# Problem description
Your answer must consist of exactly the lines below, starting with the line with "t >= 2, which" and going on through the line with "move=> m_gt0 zm0;", and nothing else.

- - - -

(* If zeta is not a root of unity, or zeta = 1, the values
   S(2,...,2) = [k]_zeta are pairwise distinct.  If zeta is a primitive n-th
   root of unity with n >= 6, the values R(3,...,3) are rational polynomials
   in zeta, and every rational polynomial vanishing at zeta is divisible by
   Phi_n; so any coincidence among them also holds at w = e^(2 pi i / n).
   There, since [3]_w = w (1 + 2 cos(2 pi / n)), the k-th value is w^k U_k
   where U_k is the Chebyshev-type sequence U_(k+2) = t U_(k+1) - U_k with
   t >= 2, which is strictly increasing: the values are pairwise distinct.
   For n in {2, 3, 4, 5}, the first column of R^a S depends only on a mod n,
   and the first columns of all M_zeta(c) form a finite orbit, computed in
   Z[x]/([n]_x). *)

From Stdlib Require Import Rdefinitions RIneq Rtrigo1 Rtrigo_calc Classical.
From HB Require Import structures.
From mathcomp Require Import all_boot all_order all_algebra all_field.
From mathcomp Require Import complex Rstruct.
From mathcomp Require Import ring lra.
Import Order.TTheory GRing.Theory Num.Theory.
Set Implicit Arguments. Unset Strict Implicit. Unset Printing Implicit Defensive.
Local Open Scope ring_scope.

Section QNat.
Variable R : pzRingType.
Implicit Types (q : R) (a b : nat).

Definition qnat q a : R := \sum_(i < a) q ^+ i.

Lemma qnat0 q : qnat q 0 = 0.
Proof. exact: big_ord0. Qed.

Lemma qnatS q a : qnat q a.+1 = 1 + q * qnat q a.
Proof.
by rewrite /qnat big_ord_recl mulr_sumr; congr (_ + _); apply: eq_bigr => i; rewrite exprS.
Qed.

Lemma qnatSr q a : qnat q a.+1 = qnat q a + q ^+ a.
Proof. exact: big_ord_recr. Qed.

Lemma qnatD q a b : qnat q (a + b) = qnat q a + q ^+ a * qnat q b.
Proof.
by rewrite /qnat big_split_ord mulr_sumr; congr (_ + _); apply: eq_bigr => i; rewrite exprD.
Qed.

Lemma qnat_eq0_exprn q a : qnat q a = 0 -> q ^+ a = 1.
Proof. by move=> qa0; apply/eqP; rewrite -subr_eq0 subrX1 -/(qnat q a) qa0 mulr0. Qed.

Lemma qnat1 a : qnat 1 a = a%:R.
Proof. by rewrite /qnat (eq_bigr (fun=> 1)) => [|i _]; rewrite ?sumr_const ?card_ord ?expr1n. Qed.

End QNat.

Lemma rmorph_qnat (R S : pzRingType) (f : {rmorphism R -> S}) q a :
  f (qnat q a) = qnat (f q) a.
Proof. by rewrite rmorph_sum; apply: eq_bigr => i _; rewrite rmorphXn. Qed.

Lemma qnat_prim_root_eq0 (R : idomainType) n (z : R) :
  n.-primitive_root z -> (1 < n)%N -> qnat z n = 0.
Proof.
move=> prim n_gt1; have z_neq1 : z - 1 != 0.
  by rewrite subr_eq0 -[z]expr1 -(prim_order_dvd prim) dvdn1 neq_ltn n_gt1 orbT.
by apply: (mulfI z_neq1); rewrite mulr0 /qnat -subrX1 prim_expr_order // subrr.
Qed.

Lemma qnat_eq0_prim_root (R : numDomainType) m (z : R) :
  (0 < m)%N -> qnat z m = 0 -> exists2 n, (1 < n)%N & n.-primitive_root z.
Proof.
move=> m_gt0 zm0; have [n prim _] := prim_order_exists m_gt0 (qnat_eq0_exprn zm0).
exists n => //; rewrite ltn_neqAle (prim_order_gt0 prim) andbT.
apply/eqP => n1; move: prim zm0; rewrite -n1 => /prim_expr_order; rewrite expr1 => ->.
by rewrite qnat1 => /eqP; rewrite pnatr_eq0 (gtn_eqF m_gt0).
Qed.

Section FirstColumn.
Variable F : fieldType.
Implicit Types (q : F) (M : 'M[F]_2) (v : F * F).

Definition col0 M : F * F := (M ord0 ord0, M ord_max ord0).
(* Integration by parts: [H_{k+1} g = 2c H_k g - (H_k g)'] for [g = exp (-(x - c)^2)], [c = u + i v]. *)
Lemma is_RInt_hermite_gauss_shift_S (u v : R) (k : nat) (a b : R) (I : C) :
  is_RInt (fun x => Cmult (Cmult (RtoC 2) (u, v)) (Cmult (RtoC (hermite k x)) (gauss_shift (u, v) x))) a b I ->
  is_RInt (fun x => Cmult (RtoC (hermite (S k) x)) (gauss_shift (u, v) x)) a b
    (minus I (hermite k b * gauss_shift_re u v 1 b - hermite k a * gauss_shift_re u v 1 a,
              hermite k b * gauss_shift_im u v 1 b - hermite k a * gauss_shift_im u v 1 a)).
Proof.
  intros HI.
  assert (Hparts : forall (w w_dx : R -> R -> R), (forall x, is_derive (w 1) x (w_dx 1 x)) ->
                     (forall x, ex_derive (w_dx 1) x) ->
             is_RInt (fun x => hermite_deriv k x * w 1 x + hermite k x * w_dx 1 x) a b
               (hermite k b * w 1 b - hermite k a * w 1 a)).
  { intros w w_dx Hw Hw_dx. apply is_RInt_product_rule; auto using is_derive_hermite, ex_derive_hermite_deriv. }
  refine (is_RInt_ext _ _ _ _ _ _
            (is_RInt_minus _ _ _ _ _ _ HI
               (is_RInt_fct_extend_pair (U := R_NormedModule) (V := R_NormedModule) (fun x => (_, _)) a b _ _
                  (Hparts _ _ (is_derive_gauss_shift_re u v 1) (ex_derive_gauss_shift_re_dx u v 1))
                  (Hparts _ _ (is_derive_gauss_shift_im u v 1) (ex_derive_gauss_shift_im_dx u v 1))))).
  intros x _. rewrite gauss_shift_components, hermite_S.
  unfold minus, plus, opp, Cmult, RtoC. simpl. unfold prod_plus, prod_opp, plus, opp. simpl.
  unfold gauss_shift_re, gauss_shift_im, gauss_shift_re_dx, gauss_shift_im_dx.
  f_equal; ring.
Qed.

Lemma is_RInt_gen_hermite_gauss_shift_S (u v : R) (k : nat) (l : C) :
  is_RInt_gen (fun x => Cmult (RtoC (hermite k x)) (gauss_shift (u, v) x))
    (Rbar_locally m_infty) (Rbar_locally p_infty) l ->
  is_RInt_gen (fun x => Cmult (RtoC (hermite (S k) x)) (gauss_shift (u, v) x))
    (Rbar_locally m_infty) (Rbar_locally p_infty) (Cmult (Cmult (RtoC 2) (u, v)) l).
Proof.
  intros IH.
  apply (is_RInt_gen_boundary _ (fun x => Cmult (Cmult (RtoC 2) (u, v)) (Cmult (RtoC (hermite k x)) (gauss_shift (u, v) x)))
           (fun x => (- (hermite k x * gauss_shift_re u v 1 x), - (hermite k x * gauss_shift_im u v 1 x)))).
  - destruct (hermite_growth k) as [A [HA HAk]].
    apply (vanishes_at_infinity_le _ (fun x => 2 * A * exp (INR k * Rabs x - x ^ 2 / 2 + (u ^ 2 + v ^ 2))));
      [| apply vanishes_exp_quadratic].
    intros x. eapply Rle_trans; [apply norm_pair_le |]. rewrite !Rabs_Ropp.
    destruct (gauss_shift_bounds u v 1 x ltac:(lra)) as [Hre Him].
    replace (INR k * Rabs x - x ^ 2 / 2 + (u ^ 2 + v ^ 2)) with (INR k * Rabs x + (- x ^ 2 / 2 + (u ^ 2 + v ^ 2))) by lra.
    rewrite exp_plus. fold (gauss_envelope u v x).
    pose proof (HAk x). pose proof (Rabs_pos (hermite k x)).
    pose proof (Rabs_pos (gauss_shift_re u v 1 x)). pose proof (Rabs_pos (gauss_shift_im u v 1 x)).
    rewrite !Rabs_mult. nra.
  - intros a b I HI.
    replace (plus I _) with (minus I (hermite k b * gauss_shift_re u v 1 b - hermite k a * gauss_shift_re u v 1 a,
                                      hermite k b * gauss_shift_im u v 1 b - hermite k a * gauss_shift_im u v 1 a)).
    + apply is_RInt_hermite_gauss_shift_S, HI.
    + destruct I as [i1 i2]. unfold minus, plus, opp. simpl. unfold prod_plus, prod_opp, plus, opp. simpl.
      f_equal; ring.
  - apply is_RInt_gen_Cmult, IH.
Qed.

Theorem is_RInt_gen_hermite_gauss_shift (c : C) (k : nat) :
  is_RInt_gen (fun x => Cmult (RtoC (hermite k x)) (gauss_shift c x))
    (Rbar_locally m_infty) (Rbar_locally p_infty)
    (Cmult (RtoC (sqrt PI)) (cpow (Cmult (RtoC 2) c) k)).
Proof.
  destruct c as [u v].
  induction k as [|k IH].
  - apply (is_RInt_gen_ext (fun x => (gauss_shift_re u v 1 x, gauss_shift_im u v 1 x))).
    { apply filter_forall. intros ab x _.
      rewrite gauss_shift_components, hermite_0. unfold Cmult, RtoC. simpl. f_equal; ring. }
    replace (Cmult (RtoC (sqrt PI)) (cpow (Cmult (RtoC 2) (u, v)) 0)) with (sqrt PI, 0)
      by (unfold Cmult, RtoC; simpl; f_equal; ring).
    apply is_RInt_gen_pair; [apply is_RInt_gen_gauss_shift_re | apply is_RInt_gen_gauss_shift_im].
  - replace (Cmult (RtoC (sqrt PI)) (cpow (Cmult (RtoC 2) (u, v)) (S k)))
      with (Cmult (Cmult (RtoC 2) (u, v)) (Cmult (RtoC (sqrt PI)) (cpow (Cmult (RtoC 2) (u, v)) k)))
      by (simpl; ring).
    apply is_RInt_gen_hermite_gauss_shift_S, IH.
Qed.

(** * The Bargmann transform *)

Lemma sqrt2_sq : sqrt 2 ^ 2 = 2.
Proof. apply pow2_sqrt. lra. Qed.

Lemma inv_sqrt2 : / sqrt 2 = sqrt 2 / 2.
Proof.
  assert (Hpos : 0 < sqrt 2) by (apply sqrt_lt_R0; lra).
  pose proof sqrt2_sq. field_simplify_eq; [simpl in *; lra | lra].
Qed.

Ltac sqrt2_ring :=
  rewrite ?inv_sqrt2; unfold Rdiv; ring_simplify;
  replace (sqrt 2 ^ 4) with (sqrt 2 ^ 2 * sqrt 2 ^ 2) by ring;
  replace (sqrt 2 ^ 3) with (sqrt 2 ^ 2 * sqrt 2) by ring;
  rewrite ?sqrt2_sq; field.

Lemma cexp_plus (a b : C) : cexp (Cplus a b) = Cmult (cexp a) (cexp b).
Proof.
  destruct a as [a1 a2], b as [b1 b2]. unfold cexp, Cplus, Cmult. simpl.
  rewrite exp_plus, cos_plus, sin_plus. f_equal; ring.
Qed.

Lemma cexp_RtoC (r : R) : cexp (RtoC r) = RtoC (exp r).
Proof. unfold cexp, RtoC. simpl. rewrite cos_0, sin_0. f_equal; ring. Qed.

Lemma cpow_scal (r : R) (y : C) (k : nat) : cpow (Cmult (RtoC r) y) k = Cmult (RtoC (r ^ k)) (cpow y k).
Proof.
  induction k as [|k IH]; simpl.
  - unfold RtoC, Cmult. simpl. f_equal; ring.
  - rewrite IH, RtoC_mult. ring.
Qed.

(* [bj n j] is convertible to [wave_center (freq n j)]. *)
Definition wave_center (w : R) : C := Cmult (Copp (Cmult Ci (RtoC (/ sqrt 2)))) (RtoC w).

Definition bargmann_exponent (z : C) (x : R) : C :=
  Cplus (Cmult (RtoC (-1/2)) (Cplus (Cmult z z) (RtoC (x ^ 2)))) (Cmult (RtoC (sqrt 2 * x)) z).

Lemma Cmod_wave_center_sq (w : R) : Cmod (wave_center w) ^ 2 = w ^ 2 / 2.
Proof.
  unfold Cmod. rewrite pow2_sqrt by (apply Rplus_le_le_0_compat; apply pow2_ge_0).
  unfold wave_center, Cmult, Copp, Ci, RtoC. simpl. sqrt2_ring.
Qed.

(* completing the square in the Bargmann kernel *)
Lemma bargmann_exponent_square (z : C) (w x : R) :
  Cplus (Cplus (bargmann_exponent z x) (RtoC (- x ^ 2 / 2))) (Cmult Ci (RtoC (w * x)))
  = Cplus (Cminus (Cmult z (Cconj (wave_center w))) (RtoC (Cmod (wave_center w) ^ 2 / 2)))
          (Copp (Cmult (Cminus (RtoC x) (Cmult (RtoC (/ sqrt 2)) (Cminus z (wave_center w))))
                       (Cminus (RtoC x) (Cmult (RtoC (/ sqrt 2)) (Cminus z (wave_center w)))))).
Proof.
  rewrite Cmod_wave_center_sq. destruct z as [z1 z2].
  unfold bargmann_exponent, wave_center, Cplus, Cminus, Cmult, Copp, Cconj, Ci, RtoC. simpl.
  f_equal; sqrt2_ring.
Qed.

Lemma sqrt_pow (x : R) (k : nat) : 0 <= x -> sqrt (x ^ k) = sqrt x ^ k.
Proof.
  intros Hx. induction k as [|k IH]; simpl; [apply sqrt_1 |].
  rewrite sqrt_mult by (try apply pow_le; lra). rewrite IH. reflexivity.
Qed.

Lemma Rpower_PI_quarter : Rpower PI (- (1 / 4)) * sqrt PI = sqrt (sqrt PI).
Proof.
  pose proof PI_RGT_0 as Hpi.
  rewrite <- (Rpower_sqrt PI Hpi), <- (Rpower_sqrt (Rpower PI (/ 2))) by apply exp_pos.
  rewrite Rpower_mult, <- Rpower_plus. f_equal. field.
Qed.

Lemma bargmann_hermite_constant (k : nat) :
  Rpower PI (- (1 / 4)) * / sqrt (2 ^ k * INR (Factorial.fact k) * sqrt PI) * sqrt PI * sqrt 2 ^ k
  = / sqrt (INR (Factorial.fact k)).
Proof.
  pose proof PI_RGT_0 as Hpi.
  assert (HsPI : 0 < sqrt PI) by (apply sqrt_lt_R0; lra).
  assert (Hs4 : 0 < sqrt (sqrt PI)) by (apply sqrt_lt_R0; lra).
  assert (Hfact : 0 < sqrt (INR (Factorial.fact k))) by (apply sqrt_lt_R0, INR_fact_lt_0).
  assert (H2k : 0 < sqrt 2 ^ k) by (apply pow_lt, sqrt_lt_R0; lra).
  pose proof (INR_fact_lt_0 k). pose proof (pow_le 2 k ltac:(lra)).
  rewrite !sqrt_mult, sqrt_pow by (try apply Rmult_le_pos; lra).
  replace (Rpower PI (- (1 / 4)) * / (sqrt 2 ^ k * sqrt (INR (Factorial.fact k)) * sqrt (sqrt PI)) * sqrt PI * sqrt 2 ^ k)
    with (Rpower PI (- (1 / 4)) * sqrt PI / (sqrt (INR (Factorial.fact k)) * sqrt (sqrt PI)))
    by (field; lra).
  rewrite Rpower_PI_quarter. field. lra.
Qed.

Definition hermite_wave (k : nat) (w x : R) : C :=
  Cmult (RtoC (hermite_fn k x)) (cexp (Cmult Ci (RtoC (w * x)))).

Definition wave_shift (z : C) (w : R) : C := Cmult (RtoC (/ sqrt 2)) (Cminus z (wave_center w)).

Lemma bargmann_integrand_hermite_wave (k : nat) (w : R) (z : C) (x : R) :
  bargmann_integrand (hermite_wave k w) z x
  = Cmult (Cmult (RtoC (Rpower PI (- (1 / 4)) * / sqrt (2 ^ k * INR (Factorial.fact k) * sqrt PI)))
                 (fock_kernel (wave_center w) z))
          (Cmult (RtoC (hermite k x)) (gauss_shift (wave_shift z w) x)).
Proof.
  unfold bargmann_integrand, hermite_wave, hermite_fn, fock_kernel, gauss_shift, wave_shift.
  fold (bargmann_exponent z x).
  assert (Hsquare := f_equal cexp (bargmann_exponent_square z w x)).
  rewrite !cexp_plus in Hsquare.
  rewrite !RtoC_mult in Hsquare. rewrite !RtoC_mult, <- cexp_RtoC.
  match type of Hsquare with
  | ?lhs = _ =>
      transitivity (Cmult (Cmult (Cmult (RtoC (Rpower PI (- (1 / 4))))
                                        (RtoC (/ sqrt (2 ^ k * INR (Factorial.fact k) * sqrt PI))))
                                 (RtoC (hermite k x))) lhs)
  end.
  - ring.
  - rewrite Hsquare. ring.
Qed.

Theorem is_bargmann_hermite_wave (k : nat) (w : R) (z : C) :
  is_bargmann (hermite_wave k w) z
    (Cmult (fock_kernel (wave_center w) z) (ek k (Cminus z (wave_center w)))).
Proof.
  unfold is_bargmann.
  eapply is_RInt_gen_ext.
  { apply filter_forall. intros ab x _. symmetry. apply bargmann_integrand_hermite_wave. }
  replace (Cmult (fock_kernel (wave_center w) z) (ek k (Cminus z (wave_center w))))
    with (Cmult (Cmult (RtoC (Rpower PI (- (1 / 4)) * / sqrt (2 ^ k * INR (Factorial.fact k) * sqrt PI)))
                       (fock_kernel (wave_center w) z))
                (Cmult (RtoC (sqrt PI)) (cpow (Cmult (RtoC 2) (wave_shift z w)) k))).
  - apply is_RInt_gen_Cmult, is_RInt_gen_hermite_gauss_shift.
  - replace (Cmult (RtoC 2) (wave_shift z w)) with (Cmult (RtoC (sqrt 2)) (Cminus z (wave_center w))).
    + rewrite cpow_scal. unfold ek.
      assert (Hc := f_equal RtoC (bargmann_hermite_constant k)). rewrite !RtoC_mult in Hc.
      rewrite <- Hc, !RtoC_mult. ring.
    + unfold wave_shift. rewrite Cmult_assoc, <- RtoC_mult, inv_sqrt2.
      f_equal. f_equal. field.
Qed.

Lemma Cmult_sum_n (a : C) (u : nat -> C) (n : nat) :
  Cmult a (sum_n u n) = sum_n (fun j => Cmult a (u j)) n.
Proof. symmetry. exact (sum_n_mult_l (K := C_Ring) a u n). Qed.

- - - -

# Solved exercise
   t >= 2, which is strictly increasing: the values are pairwise distinct.
   For n in {2, 3, 4, 5}, the first column of R^a S depends only on a mod n,
   and the first columns of all M_zeta(c) form a finite orbit, computed in
   Z[x]/([n]_x). *)

From Stdlib Require Import Rdefinitions RIneq Rtrigo1 Rtrigo_calc Classical.
From HB Require Import structures.
From mathcomp Require Import all_boot all_order all_algebra all_field.
From mathcomp Require Import complex Rstruct.
From mathcomp Require Import ring lra.
Import Order.TTheory GRing.Theory Num.Theory.
Set Implicit Arguments. Unset Strict Implicit. Unset Printing Implicit Defensive.
Local Open Scope ring_scope.

Section QNat.
Variable R : pzRingType.
Implicit Types (q : R) (a b : nat).

Definition qnat q a : R := \sum_(i < a) q ^+ i.

Lemma qnat0 q : qnat q 0 = 0.
Proof. exact: big_ord0. Qed.

Lemma qnatS q a : qnat q a.+1 = 1 + q * qnat q a.
Proof.
by rewrite /qnat big_ord_recl mulr_sumr; congr (_ + _); apply: eq_bigr => i; rewrite exprS.
Qed.

Lemma qnatSr q a : qnat q a.+1 = qnat q a + q ^+ a.
Proof. exact: big_ord_recr. Qed.

Lemma qnatD q a b : qnat q (a + b) = qnat q a + q ^+ a * qnat q b.
Proof.
by rewrite /qnat big_split_ord mulr_sumr; congr (_ + _); apply: eq_bigr => i; rewrite exprD.
Qed.

Lemma qnat_eq0_exprn q a : qnat q a = 0 -> q ^+ a = 1.
Proof. by move=> qa0; apply/eqP; rewrite -subr_eq0 subrX1 -/(qnat q a) qa0 mulr0. Qed.

Lemma qnat1 a : qnat 1 a = a%:R.
Proof. by rewrite /qnat (eq_bigr (fun=> 1)) => [|i _]; rewrite ?sumr_const ?card_ord ?expr1n. Qed.

End QNat.

Lemma rmorph_qnat (R S : pzRingType) (f : {rmorphism R -> S}) q a :
  f (qnat q a) = qnat (f q) a.
Proof. by rewrite rmorph_sum; apply: eq_bigr => i _; rewrite rmorphXn. Qed.

Lemma qnat_prim_root_eq0 (R : idomainType) n (z : R) :
  n.-primitive_root z -> (1 < n)%N -> qnat z n = 0.
Proof.
move=> prim n_gt1; have z_neq1 : z - 1 != 0.
  by rewrite subr_eq0 -[z]expr1 -(prim_order_dvd prim) dvdn1 neq_ltn n_gt1 orbT.
by apply: (mulfI z_neq1); rewrite mulr0 /qnat -subrX1 prim_expr_order // subrr.
Qed.

Lemma qnat_eq0_prim_root (R : numDomainType) m (z : R) :
  (0 < m)%N -> qnat z m = 0 -> exists2 n, (1 < n)%N & n.-primitive_root z.
Proof.
move=> m_gt0 zm0; have [n prim _] := prim_order_exists m_gt0 (qnat_eq0_exprn zm0).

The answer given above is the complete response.